Repository files navigation

LinkLogic

This is the code repository for the paper : LinkLogic: A New Method and Benchmark for Explainable Knowledge Graph Predictions.

Datasets

  • The FB13 dataset from OpenKE benchmark is present at dataset/FB13
  • The dataset/fb13_resplit resplits the test data in FB13 dataset for evaluation purposes mentioned in the paper.
  • The new FB14 dataset is present at dataset/fb14

Compute Knowledge Graph Embeddings

To train the ComplEx Decoder used in the paper, we used the DGL-KE library. For easy reproducibility of the experiments mentioned in the paper, we are sharing the trained embeddings using ComplEx decode for the fb13_resplit and fb14 datasets. To download the same run the following script from the root of the project:

brew install git-lfs
git lfs pull

LinkLogic Explanations

  1. Setup environment

    conda create -n linklogic python=3.8
    conda activate linklogic
  2. Update Parameters

    • To run the experiemnts configure the params at linklogic/params.json

    • It contains two set of params

      • io_params: Defines the params to read the dataset and save the outputs
      • linklogic_params: Defines the params used by linklogic to generate explanations
    • Description of the io_params

      • data_path: Path to the dataset.
      • save_path: Path to save the output of the run_linklogic.py
    • Description of the linklogic_params

      • dataset: Name of the dataset. Currently supports fb13_resplit, fb14
      • method: Name of the KGE embedding strategy. Currently supported ComplEx and TransE.
      • prob: Boolean for sigmoid transformation on the knowledge graph embedding scores
      • n_instances: Number of neighbors to sample to calculate variance for perturbing query embeddings
      • topk: Number of paths to consider per relation type
      • neighbor_sample_size: Number of neighbors to sample to calculate variance for perturbing query embeddings
      • var_scale_head: To scale the head embedding varinace for perturbation.
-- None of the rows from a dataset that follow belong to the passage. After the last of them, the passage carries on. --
(* Pure strategies are Dirac mixed strategies, so only one inequality needs
   work, and it follows from Kuhn's theorem.  A mixed strategy [tau] is
   realised by the behavioural strategy that, after a history [h], plays
   each action with its tau-conditional probability given [h].  This
   strategy depends on [tau] alone, not on the environment, and in every
   environment it gives each cylinder the same probability as [tau]; as the
   cylinders form a pi-system generating the sigma-algebra of runs, the two
   measures agree on the measurable parity objective in all environments
   at once. *)

Lemma esumZl (R : realType) (T : choiceType) (I : set T) (a : T -> \bar R)
    (c : R) : 0 <= c -> (forall i, I i -> 0 <= a i)%E ->
  (\esum_(i in I) (c%:E * a i) = c%:E * \esum_(i in I) a i)%E.
Proof.
move=> c0 a0; rewrite /esum -ereal_supZl//; last first.
  by apply/set0P; exists 0%E, set0; [exact: fsets_set0|rewrite fsbig_set0].
have distr X : fsets I X ->
    (\sum_(i \in X) c%:E * a i = c%:E * \sum_(i \in X) a i)%E.
  move=> [finX XI]; rewrite !fsbig_finite//= !big_seq ge0_sume_distrr// => i.
  by rewrite in_fset_set// inE => /XI/a0.
congr ereal_sup; apply/seteqP; split => x /=.
  by move=> [X IX <-]; exists (\sum_(i \in X) a i); [exists X|rewrite distr].
by move=> [_ [X IX <-] <-]; exists X => //; rewrite distr.
Qed.

Section mixture.
Context d (T : measurableType d) (R : realType) (I : choiceType) (S : set I)
  (w : I -> R) (m : I -> {measure set T -> \bar R}).
Hypothesis w_ge0 : forall i, 0 <= w i.

Definition mixture (X : set T) : \bar R := (\esum_(i in S) (w i)%:E * m i X)%E.

Let mixture0 : mixture set0 = 0%E.
Proof. by rewrite /mixture esum1// => i _; rewrite measure0 mule0. Qed.

Let mixture_ge0 X : (0 <= mixture X)%E.
Proof. by apply: esum_ge0 => i _; rewrite mule_ge0 ?lee_fin. Qed.

Let mixture_sigma_additive : semi_sigma_additive mixture.
Proof.
move=> F mF tF mUF.
have wm_ge0 i n : (0 <= (w i)%:E * m i (F n))%E by rewrite mule_ge0 ?lee_fin.
suff -> : mixture (\bigcup_n F n) = (\sum_(n <oo) mixture (F n))%E.
  by apply: is_cvg_ereal_nneg_natsum => n _; exact: mixture_ge0.
rewrite nneseries_esumT // /mixture.
transitivity (\esum_(i in S) \esum_(n in [set: nat]) (w i)%:E * m i (F n))%E.
  apply: eq_esum => i _.
  by rewrite measure_semi_bigcup // -nneseriesZl // nneseries_esumT.
rewrite esum_esum; last by move=> *.
rewrite (@esum_esum _ _ _ setT (fun _ => S)
  (fun n i => ((w i)%:E * m i (F n))%E)) //.
rewrite (reindex_esum (S `*`` (fun _ => setT)) _ (fun x => (x.2, x.1)))//.
split=> //=.
- by move=> [i j] [/=].
- by move=> [i1 i2] [j1 j2] /= _ _ [] -> ->.
- by move=> [i1 i2] [Si1 Ti2]; exists (i2, i1).
Qed.

HB.instance Definition _ := isMeasure.Build _ _ _ mixture
  mixture0 mixture_ge0 mixture_sigma_additive.

Definition mixture_measure : {measure set T -> \bar R} := mixture.

End mixture.

Section run_measurability.
Context (Q : finType) (q : Q).

Lemma measurable_cyl (p : seq Q) : measurable (cyl q p : set (runs q)).
Proof. by apply: sub_sigma_algebra; exists p. Qed.

Lemma measurable_state_at n x : measurable [set w : runs q | w n = x].
Proof.
have -> : [set w : runs q | w n = x] =
    \bigcup_(t in [set t : n.+1.-tuple Q | tnth t ord_max = x]) cyl q t.
  apply/seteqP; split => w /=.
    move=> wn; exists [tuple w i | i < n.+1]; first by rewrite /= tnth_mktuple.
    move=> i; rewrite size_tuple => lt_in.
    by rewrite -[i]/(val (Ordinal lt_in)) nth_mktuple.
  by move=> [t <-] wt; rewrite (tnth_nth q) wt ?size_tuple.
apply: fin_bigcup_measurable; first exact: finite_finset.
by move=> t _; exact: measurable_cyl.
Qed.

Lemma measurable_inf_often x : measurable [set w : runs q | inf_often w x].
Proof.
have -> : [set w : runs q | inf_often w x] =
    \bigcap_N \bigcup_(n in [set n | (N <= n)%N]) [set w : runs q | w n = x].
  apply/seteqP; split => w /= io N.
    by move=> _; have [n Nn wn] := io N; exists n.
  by have [n Nn wn] := io N I; exists n.
apply: bigcapT_measurable => N; apply: bigcup_measurable => n _.
exact: measurable_state_at.
Qed.

Lemma measurable_parity f : measurable (parity q f : set (runs q)).
Proof.
have -> : parity q f = \bigcup_(x in [set x | ~~ odd (f x)])
    ([set w : runs q | inf_often w x] `&`
     \bigcap_(y in [set y | (f x < f y)%N])
       ~` [set w : runs q | inf_often w y]).
  apply/seteqP; split => w /=.
    move=> [x [iox ev max_x]]; exists x => //; split => // y /= fxy ioy.
    by move: (max_x y ioy); rewrite leqNgt fxy.
  move=> [x ev [iox not_io]]; exists x; split => // y ioy.
  by rewrite leqNgt; apply/negP => fxy; exact: not_io y fxy ioy.
apply: fin_bigcup_measurable; first exact: finite_finset.
move=> x _; apply: measurableI; first exact: measurable_inf_often.
apply: fin_bigcap_measurable; first exact: finite_finset.
by move=> y _; apply: measurableC; exact: measurable_inf_often.
Qed.

End run_measurability.

Section cylinder_uniqueness.
Context (Q : finType) (q : Q) (R : realType).

Definition cylinders0 : set (set (runs q)) := cylinders q `|` [set set0].
(* Let $Q\in\mathbb{R}^{n\times n}$ be symmetric positive definite, $\|x\|=\sqrt{x^TQx}$, $\|u\|_*=\sqrt{u^TQ^{-1}u}$. Let $f\colon\mathbb{R}^n\to\mathbb{R}$ be convex and differentiable with $\|\nabla f(x)-\nabla f(y)\|_*\le L\|x-y\|$ for all $x,y$, and assume $f$ has a minimizer $x_\star$, $f_\star=f(x_\star)$. Let $w$ be differentiable and $1$-strongly convex with respect to $\|\cdot\|$, and $V_x(y)=w(y)-\langle\nabla w(x),y-x\rangle-w(x)$. Let $\{\alpha_k\}_{k=1}^\infty$ be positive with $\alpha_1=\frac2L$ and $0\le\alpha_{k+1}^2L-2\alpha_{k+1}\le\alpha_k^2L$ for $k\ge1$, and $\tau_k=\frac2{\alpha_{k+1}L}$ for $k\ge1$. Given $x_0$, let $y_0=z_0=x_0$ and for $k=0,1,\dots$ \[ y_{k+1}=x_k-L^{-1}Q^{-1}\nabla f(x_k),\quad z_{k+1}=\operatorname*{argmin}_{y}\{V_{z_k}(y)+\langle\alpha_{k+1}\nabla f(x_k),y-x_k\rangle\},\quad x_{k+1}=(1-\tau_{k+1})y_{k+1}+\tau_{k+1}z_{k+1}. \] Let $\{\tilde\alpha_k\}_{k=1}^\infty$ be positive with $\tilde\alpha_1=\frac1L$ and $0\le\tilde\alpha_{k+1}^2L-\tilde\alpha_{k+1}\le\frac12\alpha_k^2L$ for $k\ge1$, let $\tilde\tau_k=\frac{1}{\tilde\alpha_{k+1}L}$ and $\tilde x_k=(1-\tilde\tau_k)y_k+\tilde\tau_kz_k$ for $k\ge0$. Then for $k=0,1,\dots$, \[ f(\tilde x_k)-f_\star\le\frac{V_{x_0}(x_\star)}{L\tilde\alpha_{k+1}^2}. \]
   Context: $\langle\cdot,\cdot\rangle$ is the standard Euclidean inner product. ''$1$-strongly convex with respect to $\|\cdot\|$'' means $w(y)\ge w(x)+\langle\nabla w(x),y-x\rangle+\frac12\|y-x\|^2$ for all $x,y$. *)

From HB Require Import structures.
From mathcomp Require Import all_boot all_order all_algebra.
From mathcomp Require Import all_classical all_reals all_analysis.
Import Order.TTheory GRing.Theory Num.Theory.
Import numFieldNormedType.Exports.
Set Implicit Arguments. Unset Strict Implicit. Unset Printing Implicit Defensive.
Local Open Scope ring_scope.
Defaul value = 1
      • var_scale_tail: To scale the tail embedding variance for perturbation. Defaul value = 1
      • seed: To reproduce the results
      • hop2_path_cal: Strategy to compute the 2-hop path score. Valid options - product or sqrt
      • logsum: Boolean for log transformation of featuers and the labels
      • alpha: Regularization constant to for the surrogate model
      • consider_child: Boolean to remove direct inverse evidence for parents benchmark
      • benchmark: Benchmark category - Currently supports parents or location
      • benchmark_datatype: Benchmark datatype - Currently supports analysis or tuning
      • r1_name_list: List of relations to consider for 1st hop in creating 2-hop paths
      • r2_name_list: List of relations to consider for 2nd hop in creating 2-hop paths
      • feature_considerations: Wheather to cosider only 1-hop, 2-hop or all features to train the surrogate model
  3. Run Linklogic

    cd linklogic
    python run_linklogic --params_file params.json
  4. Generated results are stored in the io_path["save_path"]

  5. Format of generated results

    • For each run_linklogic.py run results are saved in the io_params["save_path"] with the following file format:
      • {dataset}_{benchmark}_{benchmark_datatype}_{method}_{feature_considerations}_child_{consider_child}.pickle
      • Here, for each <feature_consideration> a new .pickle file is saved.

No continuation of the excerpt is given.